Cor Triatriatum Sinister: An Unusual Cause of Atrial Fibrillation in Adults

Abstract

Cor triatriatum is een zeldzame aangeboren hartafwijking die geassocieerd is met een verhoogd risico op het ontwikkelen van atriumfibrilleren. Wij rapporteren een geval van een gezonde 38-jarige man die zich presenteerde met gedecompenseerd hartfalen en atriumfibrilleren met een snelle ventriculaire respons. Een transthoracaal echocardiogram (TTE) toonde ernstige biventriculaire disfunctie en dilatatie in aanvulling op cor triatriatum sinister. Hij werd gediastilleerd met oplossing van zijn symptomen en keerde spontaan terug naar sinusritme. De literatuur bevat weinig bewijsmateriaal over antistolling en de daarmee gepaard gaande linkerventrikeldisfunctie in de setting van cor triatriatum, wat moeilijke therapeutische beslissingen met zich meebracht.

1. Inleiding

Cor triatriatum sinister is een zeldzame congenitale afwijking waarbij de linkerboezem door een membraan in twee kamers is verdeeld.
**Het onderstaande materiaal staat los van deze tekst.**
Lemma sr1_elemE i e f : is_idem e -> is_idem f -> sr1 (elem i i e) (elem i i f) <-> sr1 e f.
Proof.
move=> He Hf; split=> HS a x b Ha Hx Hb Hr.
  have Hr' : elem i i a * elem i i x + elem i i b = elem i i e by rewrite -elemM -elemD Hr.
  have [Y [Z [HY HZ E]]] := HS _ _ _ (mem_corner_morph (elemM i) Ha)
    (mem_corner_morph (elemM i) Hx) (mem_corner_morph (elemM i) Hb) Hr'.
  have [EY Hy] := mem_corner_elemP He Hf HY; have [EZ Hz] := mem_corner_elemP Hf He HZ.
  exists (e * Y i i * f), (f * Z i i * e); split => //.
  by apply: (@elem_inj i i); rewrite elemM elemD elemM -EY -EZ.
have [Ea Ha'] := mem_corner_elemP He Hf Ha; have [Ex Hx'] := mem_corner_elemP Hf He Hx.
have [Eb Hb'] := mem_corner_elemP He He Hb.
have Hr' : e * a i i * f * (f * x i i * e) + e * b i i * e = e.
  by apply: (@elem_inj i i); rewrite elemD elemM -Ea -Ex -Eb.
have [y [z [Hy Hz E]]] := HS _ _ _ Ha' Hx' Hb' Hr'.
exists (elem i i y), (elem i i z).
split; [exact: (mem_corner_morph (elemM i) Hy)|exact: (mem_corner_morph (elemM i) Hz)|].
by rewrite Ea Eb -!elemM -elemD -elemM E.
Qed.

End MatrixUnits.

Section Shift.
Variables (A : pzRingType) (n : nat).

(* [block_mx 0 0 0 M], written entrywise to land in ['M_n.+2]. *)
Definition shift_mx (M : 'M[A]_n.+1) : 'M[A]_n.+2 :=
  \matrix_(i, j) match unlift ord0 i, unlift ord0 j with
                 | Some i', Some j' => M i' j' | _, _ => 0 end.

Lemma shift_mxM : {morph shift_mx : M M' / M * M'}.
Proof.
move=> M M'; apply/matrixP => a b; rewrite !mxE big_ord_recl !mxE unlift_none.
under eq_bigr => k _ do rewrite !mxE liftK.
case: (unliftP ord0 a) => [a' _|_]; case: (unliftP ord0 b) => [b' _|_];
  rewrite /= ?mul0r ?add0r ?mxE //.
- by rewrite big1 // => k _; rewrite mulr0.
- by rewrite big1 // => k _; rewrite mul0r.
- by rewrite big1 // => k _; rewrite mul0r.
Qed.

Lemma shift_mxD : {morph shift_mx : M M' / M + M'}.
Proof.
move=> M M'; apply/matrixP => a b; rewrite !mxE.
by case: (unlift ord0 a) => [a'|]; case: (unlift ord0 b) => [b'|]; rewrite ?mxE ?addr0.
Qed.
(* The clock-corrected age [Delta - delta] is what makes the chain tractable: at a
   failure the drifts telescope and it grows by exactly one (the clipping at 1 only acts
   on null states), while a success resets it to 1, or to 2 when the fresh drift is -1.
   Its stationary law therefore solves a first-order renewal recursion, whose unique
   solution vanishes below 1, equals p_s (1 - p_{-1}) at 1 and p_s F p_f^(b-2) from 2 on.
   As delta(t) is drawn afresh in every slot, the joint stationary law of (delta, Delta)
   is determined by the law of Delta(t-1) - delta(t-1).  This gives existence and
   uniqueness of the stationary distribution and the marginal of Delta, whose geometric
   tail sums to the mean p_1 + 1/p_s. *)

Lemma sum_f_R0_single (f : nat -> R) (m N : nat) :
  (m <= N)%nat -> (forall n, n <> m -> f n = 0) -> sum_f_R0 f N = f m.
Proof.
  intros HmN Hf. induction N as [| N IH]; simpl.
  - now replace m with 0%nat by lia.
  - destruct (Nat.eq_dec m (S N)) as [-> | Hm].
    + rewrite sum_eq_R0; [ring |]. intros n Hn. apply Hf. lia.
    + rewrite IH, (Hf (S N)) by lia. ring.
Qed.

Lemma is_series_finite_support (f : nat -> R) (N : nat) :
  (forall n, (N < n)%nat -> f n = 0) -> is_series f (sum_f_R0 f N).
Proof.
  intros Hf. apply is_series_Reals. intros eps Heps. exists N. intros n Hn.
  assert (Htail : sum_f_R0 f n = sum_f_R0 f N).
  { induction Hn as [| n Hn IH]; [reflexivity |].
    simpl. rewrite IH, (Hf (S n)) by lia. ring. }
  rewrite Htail. unfold R_dist. rewrite Rminus_diag, Rabs_R0. exact Heps.
Qed.

(* [is_series_ext] at type [R], so that the pointwise goals are ring equations. *)
Lemma is_series_ext_R (u v : nat -> R) (l : R) :
  (forall n, u n = v n) -> is_series u l -> is_series v l.
Proof. apply is_series_ext. Qed.

Lemma is_series_sumD (u : Z -> nat -> R) (l : Z -> R) :
  (forall d, In d deltas -> is_series (u d) (l d)) ->
  is_series (fun a => sumD (fun d => u d a)) (sumD l).
Proof.
  intros Hu. unfold sumD.
  apply (is_series_plus (V := R_NormedModule));
    [apply (is_series_plus (V := R_NormedModule)) |]; apply Hu; simpl; tauto.
Qed.

Lemma is_series_geom_deriv (q : R) : 0 <= q < 1 ->
  is_series (fun k => INR (S k) * q ^ k) (/ (1 - q) * / (1 - q)).
Proof.
  intros Hq.
  assert (Hgeom : is_series (fun k => q ^ k) (/ (1 - q)))
    by (apply is_series_geom; rewrite Rabs_pos_eq; lra).
  assert (Hpos : forall k, 0 <= q ^ k) by (intros; apply pow_le; lra).
  eapply is_series_ext_R; [| exact (is_series_mult_pos _ _ _ _ Hgeom Hgeom Hpos Hpos)].
  intros n. cbv beta. rewrite (sum_eq _ (fun _ => q ^ n)).
  - rewrite sum_cte. ring.
  - intros i Hi. rewrite <- pow_add. f_equal. lia.
Qed.

Lemma is_series_shift_R (u : nat -> R) (n : nat) (l : R) :
  (0 < n)%nat -> is_series (fun k => u (n + k)%nat) (l - sum_f_R0 u (pred n)) ->
  is_series u l.
Proof. intros Hn H. apply (is_series_decr_n u n l Hn). now rewrite sum_n_Reals. Qed.

Lemma first_order_recursion_unique (c : Z -> R) (q : R) (g h : Z -> R) :
  (forall b, (b <= 0)%Z -> g b = h b) ->
  (forall b, g b = c b + q * g (b - 1)%Z) -> (forall b, h b = c b + q * h (b - 1)%Z) ->
  forall b, g b = h b.
Proof.
  intros H0 Hg Hh.
  assert (Hnat : forall n, g (Z.of_nat n) = h (Z.of_nat n)).
  { induction n as [| n IH]; [apply H0; lia |].
    rewrite Hg, Hh. replace (Z.of_nat (S n) - 1)%Z with (Z.of_nat n) by lia.
    now rewrite IH. }
  intros b. destruct (Z.le_gt_cases b 0) as [Hb | Hb]; [now apply H0 |].
  rewrite <- (Z2Nat.id b) by lia. apply Hnat.
Qed.

Lemma In_deltas_bounds (d : Z) : In d deltas -> (-1 <= d <= 1)%Z.
Proof. simpl. lia. Qed.

Lemma ind_eqb_eq (n m : nat) : n = m -> Defs.ind (Nat.eqb n m) = 1.
Proof. intros ->. now rewrite Nat.eqb_refl. Qed.

Lemma ind_eqb_neq (n m : nat) : n <> m -> Defs.ind (Nat.eqb n m) = 0.
Proof. intros H. apply Nat.eqb_neq in H. now rewrite H. Qed.

(* Only ages [a <= a' + 1] can fail into age [a'], since the drift changes by at most 2. *)
Definition fail_inflow (pi : Z -> nat -> R) (d' : Z) (a' : nat) : R :=
  sumD (fun d => sum_f_R0 (fun a => pi d a * Defs.ind (Nat.eqb a' (aoi_fail d a d'))) (S a')).
Lemma dvdn2_sieve_cond Ls W (v0 : int) d e n :
    0 < W -> squarefree d -> squarefree e ->
  (n%:Z == v0 %[mod W%:Z])%Z && (d %| prodLn Ls n) && (e %| prodLn Ls n)
    = sieve_cond Ls W `|(v0 %% W%:Z)%Z|%N (primes (d * e)) n.
Proof.
move=> W_gt0 d_sqf e_sqf; have [d_gt0 e_gt0] : 0 < d /\ 0 < e.
  by case/andP: d_sqf; case/andP: e_sqf.
rewrite congr_int_nat // (squarefree_dvdn _ d_sqf) (squarefree_dvdn _ e_sqf) -andbA -all_cat.
by rewrite /sieve_cond (eq_all_r (_ : _ =i primes (d * e))) // => p; rewrite mem_cat primesM.
Qed.

Local Open Scope ring_scope.

Lemma sum_window_dvdn2 (R : archiRealFieldType) (X : R) Ls W (v0 : int) d e κ :
    0 <= X -> (0 < W)%N -> (0 < κ)%N -> squarefree d -> squarefree e ->
    coprime d W -> coprime e W ->
    (forall p, p \in primes d ++ primes e -> nu Ls p <= κ)%N ->
  `| \sum_(n < (Num.truncn (2 * X)).+1 | (X < n%:R) && (n%:R <= 2 * X)
           && (n%:Z == v0 %[mod W%:Z])%Z)
        ((d %| prodLn Ls n) && (e %| prodLn Ls n))%N%:R
     - X / W%:R * \prod_(p <- primes (d * e)) ((nu Ls p)%:R / p%:R) |
  <= 3 * κ%:R ^+ (size (primes d) + size (primes e)).
Proof.
move=> X_ge0 W_gt0 κ_gt0 d_sqf e_sqf d_W e_W nu_le_κ.
have [d_gt0 e_gt0] : (0 < d)%N /\ (0 < e)%N by case/andP: d_sqf; case/andP: e_sqf.
set ps := primes (d * e); set v := `|(v0 %% W%:Z)%Z|%N.
have ps_cat : ps =i primes d ++ primes e by move=> p; rewrite mem_cat primesM.
have ps_pr : all prime ps by apply/allP => p; rewrite mem_primes => /andP[].
have W_ps : all (coprime W) ps.
  apply/allP => p; rewrite ps_cat mem_cat !mem_primes coprime_sym.
  by case/orP => /and3P[_ _ p_dvd]; [apply: coprime_dvdl d_W | apply: coprime_dvdl e_W].
have v_lt_W : (v < W)%N.
  by rewrite -ltz_nat gez0_abs ?ltz_pmod ?modz_ge0 // eqz_nat -lt0n.
have M_gt0 : (0 < W * \prod_(p <- ps) p)%N.
  by rewrite muln_gt0 W_gt0 big_seq prodn_cond_gt0 // => p /(allP ps_pr)/prime_gt0.
have -> : X / W%:R * \prod_(p <- ps) ((nu Ls p)%:R / p%:R)
    = X * (count (sieve_cond Ls W v ps) (iota 0 (W * \prod_(p <- ps) p)))%:R
        / (W * \prod_(p <- ps) p)%:R.
  by rewrite count_sieve_cond ?primes_uniq // prodf_div natrM !natr_prod invfM; ring.
set S := \sum_(n < _ | _) _.
have -> : S = \sum_(n < (Num.truncn (2 * X)).+1 | (X < n%:R) && (n%:R <= 2 * X))
                (sieve_cond Ls W v ps n)%:R.
  rewrite /S big_mkcondr; apply: eq_bigr => n _.
  by rewrite -dvdn2_sieve_cond //; case: (_ == _ %[mod _])%Z.
apply: le_trans (sum_window_periodic (sieve_cond_periodic Ls W v ps) M_gt0 X_ge0) _.
rewrite count_sieve_cond ?primes_uniq // ler_pM2l // -natrX ler_nat.
apply: leq_trans (prod_le_exp (f := nu Ls) (k := κ) _) _ => [p p_ps|].
  by apply: nu_le_κ; rewrite -ps_cat.
by rewrite leq_pexp2l // -size_cat uniq_leq_size ?primes_uniq // => p; rewrite ps_cat.
Qed.

Lemma big_seq_ord (V : Type) (idx : V) (op : Monoid.com_law idx) (s : seq nat) N F :
  uniq s -> (forall x, x \in s -> (x < N)%N) ->
  \big[op/idx]_(x <- s) F x = \big[op/idx]_(i < N | (i : nat) \in s) F i.
Proof.
move=> s_uniq s_lt; rewrite -(big_mkord (mem s)) -[RHS]big_filter; apply: perm_big.
apply: uniq_perm; rewrite ?filter_uniq ?iota_uniq // => x.
rewrite mem_filter /index_iota subn0 mem_iota /=.
by case x_s: (x \in s); rewrite //= s_lt.
Qed.

Lemma sum_divisors_bounded (V : nmodType) (F : nat -> V) m N :
  (0 < m)%N -> (forall d, F d != 0 -> (d <= N)%N) ->
  \sum_(d <- divisors m) F d = \sum_(d < N.+1 | (d %| m)%N) F d.
Proof.
move=> m_gt0 F_supp; rewrite (bigID (fun d => d < N.+1)%N) /= [X in _ + X]big1 ?addr0.
  rewrite -big_filter (@big_seq_ord _ _ _ _ N.+1) ?filter_uniq ?divisors_uniq // => [|d].
    by apply: eq_bigl => d; rewrite mem_filter ltn_ord -dvdn_divisors // andbT.
  by rewrite mem_filter => /andP[].
by move=> d; rewrite ltnS; apply: contraNeq; apply: F_supp.
Qed.

Lemma wn_expand (R : realType) Ls W (v0 : int) (lam : nat -> R) N n :
    (0 < prodLn Ls n)%N -> (n%:Z == v0 %[mod W%:Z])%Z ->
    (forall d, lam d != 0 -> (d <= N)%N) ->
  wn Ls W v0 lam n = \sum_(d < N.+1) \sum_(e < N.+1)
    lam d * lam e * ((d %| prodLn Ls n) && (e %| prodLn Ls n))%N%:R.
Proof.
move=> P_gt0 n_cong lam_supp.
rewrite /wn n_cong (sum_divisors_bounded P_gt0 lam_supp) expr2 !big_mkcond big_distrlr /=.
apply: eq_bigr => d _; apply: eq_bigr => e _.
by case: (d %| _)%N; case: (e %| _)%N; rewrite ?mulr0 ?mul0r ?mulr1.
Qed.

Lemma sum_wn_sub_main (R : realType) (X : R) N W Ls (v0 : int) (lam : nat -> R) :
    (forall ab, ab \in Ls -> 0 < ab.2)%N -> (forall d, lam d != 0 -> (d <= N)%N) ->
  \sum_(n < (Num.truncn (2 * X)).+1 | (X < n%:R) && (n%:R <= 2 * X)
           && (n%:Z == v0 %[mod W%:Z])%Z) wn Ls W v0 lam n
    - X / W%:R * \sum_(d < N.+1) \sum_(e < N.+1)
        lam d * lam e * \prod_(p <- primes (d * e)) ((nu Ls p)%:R / p%:R)
  = \sum_(d < N.+1) \sum_(e < N.+1) lam d * lam e *
      (\sum_(n < (Num.truncn (2 * X)).+1 | (X < n%:R) && (n%:R <= 2 * X)
                && (n%:Z == v0 %[mod W%:Z])%Z)
         ((d %| prodLn Ls n) && (e %| prodLn Ls n))%N%:R
       - X / W%:R * \prod_(p <- primes (d * e)) ((nu Ls p)%:R / p%:R)).
Proof.
move=> b_gt0 lam_supp.
have P_gt0 n : (0 < prodLn Ls n)%N.
  by rewrite /prodLn big_seq prodn_cond_gt0 // => ab /b_gt0 ?; rewrite /Ln ltn_addl.
under eq_bigr => n /andP[_ n_cong] do rewrite (wn_expand (P_gt0 n) n_cong lam_supp).
rewrite exchange_big /=; under eq_bigr do rewrite exchange_big /=.
under eq_bigr do under eq_bigr do rewrite -mulr_sumr.
rewrite mulr_sumr; under [X in _ - X]eq_bigr do rewrite mulr_sumr.
rewrite -sumrB; apply: eq_bigr => d _; rewrite -sumrB.
by apply: eq_bigr => e _; rewrite [X / _ * _]mulrCA -mulrBr.
Qed.

Lemma sum_wn_approx (R : realType) (X Λ : R) N W κ Ls (v0 : int) (lam : nat -> R) :
    0 <= X -> (0 < W)%N -> (size Ls <= κ)%N -> (0 < κ)%N -> P3_admissible Ls ->
    (forall ab, ab \in Ls -> 0 < ab.2)%N ->
    (forall d, lam d != 0 -> [/\ (d <= N)%N, squarefree d, inP3 d & coprime d W]) ->
    (forall d, `|lam d| <= Λ) ->
  `| \sum_(n < (Num.truncn (2 * X)).+1 | (X < n%:R) && (n%:R <= 2 * X)
            && (n%:Z == v0 %[mod W%:Z])%Z) wn Ls W v0 lam n
     - X / W%:R * \sum_(d < N.+1) \sum_(e < N.+1)
          lam d * lam e * \prod_(p <- primes (d * e)) ((nu Ls p)%:R / p%:R) |
  <= 3 * Λ ^+ 2 * (\sum_(d < N.+1 | squarefree d) κ%:R ^+ size (primes d)) ^+ 2.
Proof.
move=> X_ge0 W_gt0 Ls_κ κ_gt0 Ls_adm b_gt0 lam_supp lam_le.
rewrite sum_wn_sub_main // => [|d]; last by case/lam_supp.
pose F d : R := if squarefree d then κ%:R ^+ size (primes d) else 0.
have -> : (\sum_(d < N.+1 | squarefree d) κ%:R ^+ size (primes d)) ^+ 2
    = \sum_(d < N.+1) \sum_(e < N.+1) F d * F e.
  by rewrite expr2 big_mkcond big_distrlr.
rewrite mulr_sumr; apply: le_trans (ler_norm_sum _ _ _) _; apply: ler_sum => d _.
rewrite mulr_sumr; apply: le_trans (ler_norm_sum _ _ _) _; apply: ler_sum => e _.
rewrite normrM.
have Λ_ge0 : 0 <= Λ by apply: le_trans (lam_le 0%N).
have F_ge0 x : 0 <= F x by rewrite /F; case: ifP.
have [->|lam_d] := eqVneq (lam d) 0.
  by rewrite mul0r normr0 mul0r !mulr_ge0 ?sqr_ge0.
have [->|lam_e] := eqVneq (lam e) 0.
  by rewrite mulr0 normr0 mul0r !mulr_ge0 ?sqr_ge0.
have [_ d_sqf d_P3 d_W] := lam_supp d lam_d.
have [_ e_sqf e_P3 e_W] := lam_supp e lam_e.
have nu_le_κ p : p \in primes d ++ primes e -> (nu Ls p <= κ)%N.
  rewrite mem_cat => /orP[] p_primes; apply: leq_trans Ls_κ.
    exact: nu_le_size_P3 p_primes.
  exact: nu_le_size_P3 p_primes.
rewrite /F d_sqf e_sqf -exprD [3 * _ * _]mulrAC [_ * Λ ^+ 2]mulrC.
apply: ler_pM => //; first by rewrite normrM expr2 ler_pM.
exact: sum_window_dvdn2.
Qed.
Cor triatriatum omvat ongeveer 0,4% van de aangeboren hartafwijkingen bij autopsie . Het wordt aangetroffen in minder dan 0,1% van de klinisch gediagnosticeerde cardiomyopathieën . Het wordt meestal vastgesteld bij kinderen en is een bijzonder zeldzame nieuwe diagnose bij volwassenen . Atriumfibrilleren is beschreven in 30% van de gepubliceerde gevallen van volwassenen met cor triatriatum . Wij beschrijven een geval van een volwassen man die cor triatriatum had bekend (maar niet actief werd gevolgd) die zich presenteerde met congestief hartfalen in de setting van nieuw gediagnosticeerde atriumfibrilleren en gedilateerde cardiomyopathie.

2. Casus

Een voorheen gezonde 38-jarige man, die 5 jaar geleden uit Honduras was geëmigreerd, presenteerde zich met een enkele weken durende geschiedenis van progressieve buikpijn en dyspneu. Lichamelijk onderzoek toonde ademnood, een onregelmatige tachycardie met 140 slagen per minuut, en een bloeddruk van 126/72 mmHg. Het hartonderzoek was opmerkelijk voor een verplaatste en diffuse apicale beat, en een 2/6 mitralisklep regurgitatie murmuur gehoord op de apex. Zijn ECG toonde atriumfibrilleren (AF) met een snelle ventriculaire respons. Er waren geen elektrocardiografische aanwijzingen voor overbelasting van de rechterventrikel. Röntgenfoto’s van de borst toonden cardiomegalie en longoedeem. Transthoracale echocardiografie (TTE) toonde een duidelijk verwijde linkerboezem in de vier-kamer uitzicht (51 mm) verdeeld in 2 kamers door een membraan (figuur 1). Continuous wave Doppler toonde stroom over het membraan met een piek diastolische gradiënt van 6 mmHg, piek systolische gradiënt van 2 mmHg, en een gemiddelde van 4 mmHg (figuur 2). De linker ventrikel (LV) was gedilateerd in de parasternale lange-as aanzicht (65 mm) met een ejectiefractie van 20-30%. Er was een matige tot ernstige functionele mitralisklepregurgitatie. De rechterventrikel systolische druk (RVSP) was 70 mmHg. Transesofageale echocardiografie toonde een membraan aan in het linker atrium (LA) met een gat van 7 mm in het middengedeelte en meette een piek gradiënt van 15 mmHg. Het interatriale septum was intact. De patiënt had 5 jaar geleden, toen hij voor het eerst naar Canada emigreerde, een eerdere TTE ondergaan, waarbij een verwijde linkerboezem en een cor triatriatum defect werden vastgesteld met een piekgradiënt van 9 mmHg, hetgeen niet veel verschilde van het huidige onderzoek. De LV was op dat moment normaal van omvang en systolische functie. De patiënt en zijn primaire zorgverlener waren niet op de hoogte van deze vooraf vastgestelde diagnose.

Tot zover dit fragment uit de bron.